### ACTIVITY
Say how many lines in the entries below mention "over", with no other words.

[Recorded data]
====================
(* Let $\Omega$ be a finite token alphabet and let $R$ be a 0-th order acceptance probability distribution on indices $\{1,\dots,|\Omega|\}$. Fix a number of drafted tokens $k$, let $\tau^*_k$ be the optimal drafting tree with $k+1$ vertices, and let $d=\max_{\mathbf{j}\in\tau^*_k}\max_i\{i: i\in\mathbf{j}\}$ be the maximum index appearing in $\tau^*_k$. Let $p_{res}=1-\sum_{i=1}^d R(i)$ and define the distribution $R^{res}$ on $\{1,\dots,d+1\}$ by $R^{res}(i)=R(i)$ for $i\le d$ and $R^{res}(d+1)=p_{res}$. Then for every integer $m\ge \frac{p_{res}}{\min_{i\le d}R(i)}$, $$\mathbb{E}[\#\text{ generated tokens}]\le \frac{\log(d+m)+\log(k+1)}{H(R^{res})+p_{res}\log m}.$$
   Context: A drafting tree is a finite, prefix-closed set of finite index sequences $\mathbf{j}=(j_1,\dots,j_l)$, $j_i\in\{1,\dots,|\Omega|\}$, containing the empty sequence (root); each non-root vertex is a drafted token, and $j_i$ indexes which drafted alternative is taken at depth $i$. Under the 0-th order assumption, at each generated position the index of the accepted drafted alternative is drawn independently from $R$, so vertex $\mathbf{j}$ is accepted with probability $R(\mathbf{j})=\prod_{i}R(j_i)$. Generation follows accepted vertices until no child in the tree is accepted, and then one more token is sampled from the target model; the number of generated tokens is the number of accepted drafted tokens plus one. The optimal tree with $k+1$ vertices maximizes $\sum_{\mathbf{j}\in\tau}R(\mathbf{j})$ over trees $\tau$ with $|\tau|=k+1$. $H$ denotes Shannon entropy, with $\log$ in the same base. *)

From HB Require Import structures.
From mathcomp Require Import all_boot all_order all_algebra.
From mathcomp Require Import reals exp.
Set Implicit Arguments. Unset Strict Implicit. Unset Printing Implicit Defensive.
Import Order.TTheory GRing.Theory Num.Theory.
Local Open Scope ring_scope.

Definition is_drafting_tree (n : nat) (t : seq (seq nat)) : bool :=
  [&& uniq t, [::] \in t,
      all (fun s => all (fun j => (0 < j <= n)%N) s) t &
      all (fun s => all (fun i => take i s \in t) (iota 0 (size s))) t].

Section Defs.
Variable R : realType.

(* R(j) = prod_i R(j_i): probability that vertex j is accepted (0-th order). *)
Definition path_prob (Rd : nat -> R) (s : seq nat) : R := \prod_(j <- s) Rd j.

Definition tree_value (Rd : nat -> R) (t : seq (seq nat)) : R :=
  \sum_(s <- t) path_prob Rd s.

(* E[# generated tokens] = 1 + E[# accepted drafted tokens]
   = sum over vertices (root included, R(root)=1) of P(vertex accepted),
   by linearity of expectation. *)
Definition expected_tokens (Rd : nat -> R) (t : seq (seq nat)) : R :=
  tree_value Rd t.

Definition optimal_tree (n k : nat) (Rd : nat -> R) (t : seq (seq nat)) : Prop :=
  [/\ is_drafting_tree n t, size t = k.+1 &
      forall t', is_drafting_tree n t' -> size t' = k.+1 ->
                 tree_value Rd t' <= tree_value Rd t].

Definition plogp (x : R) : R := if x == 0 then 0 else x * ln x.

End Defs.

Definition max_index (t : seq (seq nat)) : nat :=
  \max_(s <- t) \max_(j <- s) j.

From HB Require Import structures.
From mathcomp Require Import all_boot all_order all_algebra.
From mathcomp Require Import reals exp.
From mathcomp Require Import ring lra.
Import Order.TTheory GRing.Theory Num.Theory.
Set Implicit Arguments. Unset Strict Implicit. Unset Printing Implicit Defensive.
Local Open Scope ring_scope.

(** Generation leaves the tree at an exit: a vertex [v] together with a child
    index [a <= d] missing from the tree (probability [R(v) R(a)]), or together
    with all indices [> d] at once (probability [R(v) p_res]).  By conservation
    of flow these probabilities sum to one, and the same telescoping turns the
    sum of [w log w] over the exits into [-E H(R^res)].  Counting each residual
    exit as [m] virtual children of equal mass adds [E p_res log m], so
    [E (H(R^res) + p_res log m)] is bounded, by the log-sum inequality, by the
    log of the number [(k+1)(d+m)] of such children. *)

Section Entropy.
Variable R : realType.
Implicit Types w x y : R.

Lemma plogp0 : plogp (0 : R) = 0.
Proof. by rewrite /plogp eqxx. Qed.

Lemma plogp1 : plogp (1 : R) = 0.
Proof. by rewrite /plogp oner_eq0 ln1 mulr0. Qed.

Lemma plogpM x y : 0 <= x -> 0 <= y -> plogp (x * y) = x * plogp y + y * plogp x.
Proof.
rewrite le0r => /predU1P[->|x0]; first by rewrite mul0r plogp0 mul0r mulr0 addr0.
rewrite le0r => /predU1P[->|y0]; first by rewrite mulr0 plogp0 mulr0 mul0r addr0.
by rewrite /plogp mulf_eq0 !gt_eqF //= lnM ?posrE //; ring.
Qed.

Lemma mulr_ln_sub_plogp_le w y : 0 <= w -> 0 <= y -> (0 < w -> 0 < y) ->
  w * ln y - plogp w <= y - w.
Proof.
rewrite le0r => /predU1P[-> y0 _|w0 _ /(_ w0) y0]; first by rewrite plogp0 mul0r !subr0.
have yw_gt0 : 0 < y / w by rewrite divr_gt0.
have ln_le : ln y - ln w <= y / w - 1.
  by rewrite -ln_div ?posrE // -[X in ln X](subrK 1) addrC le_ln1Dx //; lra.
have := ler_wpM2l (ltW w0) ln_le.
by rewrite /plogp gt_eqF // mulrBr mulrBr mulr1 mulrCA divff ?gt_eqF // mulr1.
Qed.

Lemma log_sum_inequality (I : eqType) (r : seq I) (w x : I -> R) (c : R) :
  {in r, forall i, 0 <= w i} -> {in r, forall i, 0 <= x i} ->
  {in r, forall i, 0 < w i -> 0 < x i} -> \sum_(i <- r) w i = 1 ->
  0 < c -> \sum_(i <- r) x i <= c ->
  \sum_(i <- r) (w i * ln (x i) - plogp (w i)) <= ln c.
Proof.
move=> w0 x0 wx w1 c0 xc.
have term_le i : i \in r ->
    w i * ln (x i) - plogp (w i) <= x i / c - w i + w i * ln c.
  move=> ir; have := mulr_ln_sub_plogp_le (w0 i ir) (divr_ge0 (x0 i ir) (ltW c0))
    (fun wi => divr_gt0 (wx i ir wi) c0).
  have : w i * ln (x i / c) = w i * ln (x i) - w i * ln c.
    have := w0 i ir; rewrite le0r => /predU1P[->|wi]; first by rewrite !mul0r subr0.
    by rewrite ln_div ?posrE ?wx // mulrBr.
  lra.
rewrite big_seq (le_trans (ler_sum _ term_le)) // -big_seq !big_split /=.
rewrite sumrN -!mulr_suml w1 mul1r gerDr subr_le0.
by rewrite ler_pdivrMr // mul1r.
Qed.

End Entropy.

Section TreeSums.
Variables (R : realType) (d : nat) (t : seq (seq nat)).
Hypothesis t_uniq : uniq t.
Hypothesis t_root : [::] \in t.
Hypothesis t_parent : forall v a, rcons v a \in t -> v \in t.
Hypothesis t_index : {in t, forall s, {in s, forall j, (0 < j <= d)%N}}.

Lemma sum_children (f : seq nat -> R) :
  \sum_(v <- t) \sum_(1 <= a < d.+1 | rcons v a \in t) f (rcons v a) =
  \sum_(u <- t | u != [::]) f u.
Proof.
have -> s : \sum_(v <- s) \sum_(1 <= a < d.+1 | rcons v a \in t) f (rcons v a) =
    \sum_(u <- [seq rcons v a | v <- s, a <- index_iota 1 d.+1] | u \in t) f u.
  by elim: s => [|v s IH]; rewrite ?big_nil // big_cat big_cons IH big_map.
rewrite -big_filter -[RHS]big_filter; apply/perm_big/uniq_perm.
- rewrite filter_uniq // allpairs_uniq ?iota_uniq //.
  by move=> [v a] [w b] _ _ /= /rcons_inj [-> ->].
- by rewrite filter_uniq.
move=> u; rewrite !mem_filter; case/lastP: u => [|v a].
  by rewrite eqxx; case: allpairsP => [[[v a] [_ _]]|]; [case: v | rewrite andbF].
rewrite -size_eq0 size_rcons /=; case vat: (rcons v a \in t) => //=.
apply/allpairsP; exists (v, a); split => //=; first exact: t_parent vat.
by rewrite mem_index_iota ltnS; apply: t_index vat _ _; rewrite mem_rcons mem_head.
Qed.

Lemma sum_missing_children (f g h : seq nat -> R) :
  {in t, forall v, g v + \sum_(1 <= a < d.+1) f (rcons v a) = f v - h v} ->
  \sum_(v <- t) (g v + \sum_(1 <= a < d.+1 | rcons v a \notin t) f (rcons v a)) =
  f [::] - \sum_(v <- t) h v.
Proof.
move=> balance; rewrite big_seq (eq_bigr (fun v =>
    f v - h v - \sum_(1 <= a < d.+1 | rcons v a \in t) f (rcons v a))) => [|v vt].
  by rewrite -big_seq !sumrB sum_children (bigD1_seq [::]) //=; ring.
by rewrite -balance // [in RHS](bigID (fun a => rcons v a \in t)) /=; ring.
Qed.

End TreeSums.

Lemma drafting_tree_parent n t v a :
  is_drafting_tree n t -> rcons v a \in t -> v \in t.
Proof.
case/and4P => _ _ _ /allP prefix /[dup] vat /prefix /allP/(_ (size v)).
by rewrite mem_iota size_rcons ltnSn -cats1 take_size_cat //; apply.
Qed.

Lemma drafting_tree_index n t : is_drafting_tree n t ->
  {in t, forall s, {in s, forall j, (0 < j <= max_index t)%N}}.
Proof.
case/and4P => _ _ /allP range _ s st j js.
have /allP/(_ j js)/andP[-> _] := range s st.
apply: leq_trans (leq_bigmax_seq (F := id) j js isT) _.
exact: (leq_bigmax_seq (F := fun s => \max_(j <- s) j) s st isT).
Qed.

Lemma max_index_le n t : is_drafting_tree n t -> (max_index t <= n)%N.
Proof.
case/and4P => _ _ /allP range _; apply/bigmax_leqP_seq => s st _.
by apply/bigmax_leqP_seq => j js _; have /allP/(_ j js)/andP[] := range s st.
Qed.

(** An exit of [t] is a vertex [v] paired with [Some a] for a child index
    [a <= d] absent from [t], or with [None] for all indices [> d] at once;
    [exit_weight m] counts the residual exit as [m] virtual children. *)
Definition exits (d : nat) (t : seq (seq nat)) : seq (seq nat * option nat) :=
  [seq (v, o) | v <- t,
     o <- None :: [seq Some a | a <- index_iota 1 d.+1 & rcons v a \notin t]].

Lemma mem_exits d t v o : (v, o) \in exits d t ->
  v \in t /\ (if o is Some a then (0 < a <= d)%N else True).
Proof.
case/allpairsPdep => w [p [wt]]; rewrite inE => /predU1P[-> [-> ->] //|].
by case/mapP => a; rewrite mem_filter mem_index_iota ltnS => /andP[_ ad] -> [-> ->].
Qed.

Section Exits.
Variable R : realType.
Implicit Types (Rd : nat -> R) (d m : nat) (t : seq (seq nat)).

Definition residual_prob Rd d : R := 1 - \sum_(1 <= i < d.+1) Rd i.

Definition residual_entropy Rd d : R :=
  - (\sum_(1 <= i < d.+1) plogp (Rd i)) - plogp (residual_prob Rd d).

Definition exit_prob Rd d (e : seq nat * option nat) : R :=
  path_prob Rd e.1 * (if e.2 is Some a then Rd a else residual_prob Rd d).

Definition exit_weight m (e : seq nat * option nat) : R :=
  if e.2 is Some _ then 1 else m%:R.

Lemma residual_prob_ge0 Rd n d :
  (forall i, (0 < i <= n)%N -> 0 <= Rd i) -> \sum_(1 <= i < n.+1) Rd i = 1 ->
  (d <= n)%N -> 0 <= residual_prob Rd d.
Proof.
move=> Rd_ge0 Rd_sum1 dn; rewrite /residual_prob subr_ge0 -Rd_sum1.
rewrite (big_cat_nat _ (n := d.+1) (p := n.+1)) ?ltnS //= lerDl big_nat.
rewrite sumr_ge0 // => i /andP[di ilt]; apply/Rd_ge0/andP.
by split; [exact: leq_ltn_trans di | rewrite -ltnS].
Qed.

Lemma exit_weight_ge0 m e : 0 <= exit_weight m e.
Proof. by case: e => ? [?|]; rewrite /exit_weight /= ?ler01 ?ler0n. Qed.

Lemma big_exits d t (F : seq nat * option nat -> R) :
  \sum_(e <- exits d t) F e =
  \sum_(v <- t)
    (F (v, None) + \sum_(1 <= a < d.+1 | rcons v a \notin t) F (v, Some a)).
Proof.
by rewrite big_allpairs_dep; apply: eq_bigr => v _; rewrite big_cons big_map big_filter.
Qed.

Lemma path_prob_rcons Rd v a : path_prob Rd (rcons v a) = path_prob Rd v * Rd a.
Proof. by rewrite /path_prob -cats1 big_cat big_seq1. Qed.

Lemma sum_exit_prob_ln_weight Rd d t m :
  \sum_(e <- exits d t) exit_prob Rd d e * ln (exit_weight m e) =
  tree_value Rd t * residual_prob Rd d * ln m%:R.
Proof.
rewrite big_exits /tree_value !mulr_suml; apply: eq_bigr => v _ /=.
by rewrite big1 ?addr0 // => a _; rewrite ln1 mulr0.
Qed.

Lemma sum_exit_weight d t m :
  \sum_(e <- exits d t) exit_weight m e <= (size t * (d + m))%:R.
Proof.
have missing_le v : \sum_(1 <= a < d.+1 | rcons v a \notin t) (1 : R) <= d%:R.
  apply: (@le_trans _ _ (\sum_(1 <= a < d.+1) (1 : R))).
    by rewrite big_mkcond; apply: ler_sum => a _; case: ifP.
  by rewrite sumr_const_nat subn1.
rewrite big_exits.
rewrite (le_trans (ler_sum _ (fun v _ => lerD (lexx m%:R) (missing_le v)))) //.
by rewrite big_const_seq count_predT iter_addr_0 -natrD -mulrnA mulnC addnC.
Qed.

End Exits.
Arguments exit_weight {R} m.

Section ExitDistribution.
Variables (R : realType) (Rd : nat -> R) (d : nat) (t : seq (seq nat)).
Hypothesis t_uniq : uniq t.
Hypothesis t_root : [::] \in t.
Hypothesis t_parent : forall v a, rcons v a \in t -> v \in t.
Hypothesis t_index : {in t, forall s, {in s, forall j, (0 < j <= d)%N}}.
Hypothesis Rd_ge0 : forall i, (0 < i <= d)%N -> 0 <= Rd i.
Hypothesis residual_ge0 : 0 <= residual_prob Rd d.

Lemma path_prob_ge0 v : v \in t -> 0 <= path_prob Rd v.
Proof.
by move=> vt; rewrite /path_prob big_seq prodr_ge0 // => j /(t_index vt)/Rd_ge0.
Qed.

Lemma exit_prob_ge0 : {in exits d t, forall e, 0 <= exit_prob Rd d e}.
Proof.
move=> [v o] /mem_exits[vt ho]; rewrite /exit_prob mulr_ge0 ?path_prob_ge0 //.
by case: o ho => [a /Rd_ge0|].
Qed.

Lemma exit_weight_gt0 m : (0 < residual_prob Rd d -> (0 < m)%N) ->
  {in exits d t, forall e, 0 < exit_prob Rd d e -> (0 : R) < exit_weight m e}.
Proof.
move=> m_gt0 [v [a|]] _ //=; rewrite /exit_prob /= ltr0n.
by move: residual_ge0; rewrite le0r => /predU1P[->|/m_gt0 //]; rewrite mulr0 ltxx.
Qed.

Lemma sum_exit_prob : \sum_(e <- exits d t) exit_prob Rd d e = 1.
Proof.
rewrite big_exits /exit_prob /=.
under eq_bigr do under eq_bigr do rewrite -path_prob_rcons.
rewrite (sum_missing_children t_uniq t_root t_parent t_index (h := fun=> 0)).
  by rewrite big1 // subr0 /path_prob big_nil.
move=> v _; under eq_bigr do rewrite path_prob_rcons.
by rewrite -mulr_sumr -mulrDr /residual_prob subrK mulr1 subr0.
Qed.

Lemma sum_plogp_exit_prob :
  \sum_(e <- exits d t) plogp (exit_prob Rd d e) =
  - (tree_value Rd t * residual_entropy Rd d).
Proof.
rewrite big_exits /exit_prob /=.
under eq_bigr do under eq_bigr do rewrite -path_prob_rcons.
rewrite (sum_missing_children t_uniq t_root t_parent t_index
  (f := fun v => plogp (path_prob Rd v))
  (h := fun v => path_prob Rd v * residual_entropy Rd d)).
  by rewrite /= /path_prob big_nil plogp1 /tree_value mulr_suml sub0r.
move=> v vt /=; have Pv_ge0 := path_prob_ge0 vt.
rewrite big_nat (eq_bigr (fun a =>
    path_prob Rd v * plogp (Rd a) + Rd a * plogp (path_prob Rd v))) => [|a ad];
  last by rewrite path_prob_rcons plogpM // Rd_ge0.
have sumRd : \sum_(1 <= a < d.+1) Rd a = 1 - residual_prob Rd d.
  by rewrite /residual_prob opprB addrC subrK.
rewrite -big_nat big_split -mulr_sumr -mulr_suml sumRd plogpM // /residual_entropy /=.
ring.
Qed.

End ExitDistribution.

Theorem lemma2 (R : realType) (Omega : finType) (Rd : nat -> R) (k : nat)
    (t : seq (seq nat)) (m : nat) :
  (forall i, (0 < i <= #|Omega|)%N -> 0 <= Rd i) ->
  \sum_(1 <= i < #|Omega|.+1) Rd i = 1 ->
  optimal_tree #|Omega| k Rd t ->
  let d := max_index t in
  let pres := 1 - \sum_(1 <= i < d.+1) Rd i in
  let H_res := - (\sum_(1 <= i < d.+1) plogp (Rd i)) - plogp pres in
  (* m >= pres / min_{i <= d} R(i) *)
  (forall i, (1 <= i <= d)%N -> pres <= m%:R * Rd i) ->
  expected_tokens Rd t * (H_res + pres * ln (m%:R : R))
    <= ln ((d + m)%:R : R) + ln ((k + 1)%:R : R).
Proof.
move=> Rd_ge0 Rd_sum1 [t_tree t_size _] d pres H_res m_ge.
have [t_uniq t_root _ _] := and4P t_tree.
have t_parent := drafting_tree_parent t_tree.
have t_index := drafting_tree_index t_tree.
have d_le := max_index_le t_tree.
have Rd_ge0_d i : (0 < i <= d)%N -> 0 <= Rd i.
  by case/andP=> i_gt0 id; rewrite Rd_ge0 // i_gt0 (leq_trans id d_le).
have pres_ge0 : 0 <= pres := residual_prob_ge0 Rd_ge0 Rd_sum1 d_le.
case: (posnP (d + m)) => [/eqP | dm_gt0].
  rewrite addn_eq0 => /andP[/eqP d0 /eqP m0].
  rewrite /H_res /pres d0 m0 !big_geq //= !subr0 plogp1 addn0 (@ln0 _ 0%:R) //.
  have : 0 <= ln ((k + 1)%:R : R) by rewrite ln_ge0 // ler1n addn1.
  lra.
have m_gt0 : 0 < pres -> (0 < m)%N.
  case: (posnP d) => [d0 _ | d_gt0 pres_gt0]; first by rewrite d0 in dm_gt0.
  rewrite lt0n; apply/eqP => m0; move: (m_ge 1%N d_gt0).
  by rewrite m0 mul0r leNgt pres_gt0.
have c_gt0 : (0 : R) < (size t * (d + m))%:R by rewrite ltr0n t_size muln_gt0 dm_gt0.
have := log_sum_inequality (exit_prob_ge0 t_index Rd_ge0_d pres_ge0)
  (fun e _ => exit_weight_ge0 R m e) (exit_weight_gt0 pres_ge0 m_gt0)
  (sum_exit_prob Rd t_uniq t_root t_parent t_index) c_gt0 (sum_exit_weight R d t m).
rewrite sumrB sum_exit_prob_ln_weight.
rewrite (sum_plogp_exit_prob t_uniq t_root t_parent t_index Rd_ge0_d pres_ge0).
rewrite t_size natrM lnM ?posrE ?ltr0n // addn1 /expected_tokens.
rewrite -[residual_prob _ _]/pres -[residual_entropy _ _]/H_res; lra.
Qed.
====================
### TASK OUTPUT
3